> _What you are asked to do_
Could you output only the lines from the one containing "apply: commrB; first exact: commr1." through the last line of the data, both included?
------------
(* A nilpotent q is uniquely strongly clean, with idempotent 1: if f is an
   idempotent commuting with q and q - f is a unit, then (q - f)(1 - f) = q(1 - f)
   is both nilpotent and invertible in the corner ring (1 - f)R(1 - f), so f = 1.
   An idempotent e is uniquely strongly clean, with idempotent 1 - e, because
   (e - f)(1 - e - f) = fe - ef = 0.  Moreover a |-> 1 - a preserves unique strong
   cleanness.  Nil-clean elements of a reduced ring are idempotents, and those of
   a ring whose only idempotents are 0 and 1 (e.g. a local ring) are q or 1 + q
   with q nilpotent.  In T_2(R) over a domain, the diagonal of a nil-clean element
   lies in {0, 1}^2; the diagonals (0,0) and (1,1) give q and 1 - q, and the mixed
   diagonals are settled by hand, since the unit a - f must have a unit diagonal.
   Finally a = [[1,1],[1,0]] is nil-clean in M_2(R) and a^2 = a + 1, so a and
   a - 1 are both units and 0, 1 are two distinct witnesses. *)

From HB Require Import structures.
From mathcomp Require Import all_boot all_order all_algebra.
From mathcomp Require Import boolp classical_sets.
Set Implicit Arguments. Unset Strict Implicit. Unset Printing Implicit Defensive.
Import GRing.Theory.
Local Open Scope ring_scope.

Definition trivial_idempotents (R : pzRingType) : Prop :=
  forall e : R, is_idem e -> e = 0 \/ e = 1.

Section Elements.
Variable R : pzRingType.
Implicit Types a e f q u x : R.

Lemma unit_mulIr u x : is_unit u -> u * x = 0 -> x = 0.
Proof. by move=> [v [_ vu]] ux0; rewrite -[x]mul1r -vu -mulrA ux0 mulr0. Qed.

Lemma unit1 : is_unit (1 : R).
Proof. by exists 1; rewrite mulr1. Qed.

Lemma unitN u : is_unit u -> is_unit (- u).
Proof. by move=> [v [uv vu]]; exists (- v); rewrite !mulrNN. Qed.

Lemma unitX u n : is_unit u -> is_unit (u ^+ n).
Proof.
move=> [v [uv vu]]; have uv_comm : GRing.comm u v by rewrite /GRing.comm uv vu.
exists (v ^+ n); rewrite -!exprMn_comm ?uv ?vu ?expr1n //; exact: commr_sym.
Qed.

Lemma nilpN q : is_nilp q -> is_nilp (- q).
Proof. by move=> [n qn0]; exists n; rewrite exprNn qn0 mulr0. Qed.

Lemma nilp_unit_subr1 q : is_nilp q -> is_unit (q - 1).
Proof.
move=> [n qn0]; have geom := subrX1 q n; rewrite qn0 sub0r in geom.
have comm_sum : GRing.comm (q - 1) (\sum_(i < n) q ^+ i).
  by apply: commr_sum => i _; apply/commrX/commr_sym/commrB; [apply: commr_refl|apply: commr1].
exists (- \sum_(i < n) q ^+ i); split; first by rewrite mulrN -geom opprK.
by rewrite mulNr -comm_sum -geom opprK.
Qed.

Lemma idem1B e : is_idem e -> is_idem (1 - e).
Proof. by rewrite /is_idem => ee; rewrite mulrBl mul1r mulrBr mulr1 ee subrr subr0. Qed.

Lemma idem_exprS e n : is_idem e -> e ^+ n.+1 = e.
Proof. by move=> ee; elim: n => // n IHn; rewrite exprS IHn ee. Qed.

Lemma usc_1B a : uniquely_strongly_clean a -> uniquely_strongly_clean (1 - a).
Proof.
have compl b f : is_idem f /\ is_unit (b - f) /\ b * f = f * b ->
    is_idem (1 - f) /\ is_unit ((1 - b) - (1 - f)) /\ (1 - b) * (1 - f) = (1 - f) * (1 - b).
  move=> [ff [u bf]]; split; first exact: idem1B.
  have -> : (1 - b) - (1 - f) = - (b - f) by rewrite (addrC 1) addrKA opprK opprB addrC.
  split; first exact: unitN.
  apply: commrB; first exact: commr1.
  by apply/commr_sym/commrB; [exact: commr1 | exact/commr_sym].
move=> [e [ae uniq_e]]; exists (1 - e); split; first exact: compl.
by move=> f /compl; rewrite subKr => /uniq_e ->; rewrite subKr.
Qed.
------------
> _Solution to this problem_
  apply: commrB; first exact: commr1.
  by apply/commr_sym/commrB; [exact: commr1 | exact/commr_sym].
move=> [e [ae uniq_e]]; exists (1 - e); split; first exact: compl.
by move=> f /compl; rewrite subKr => /uniq_e ->; rewrite subKr.
Qed.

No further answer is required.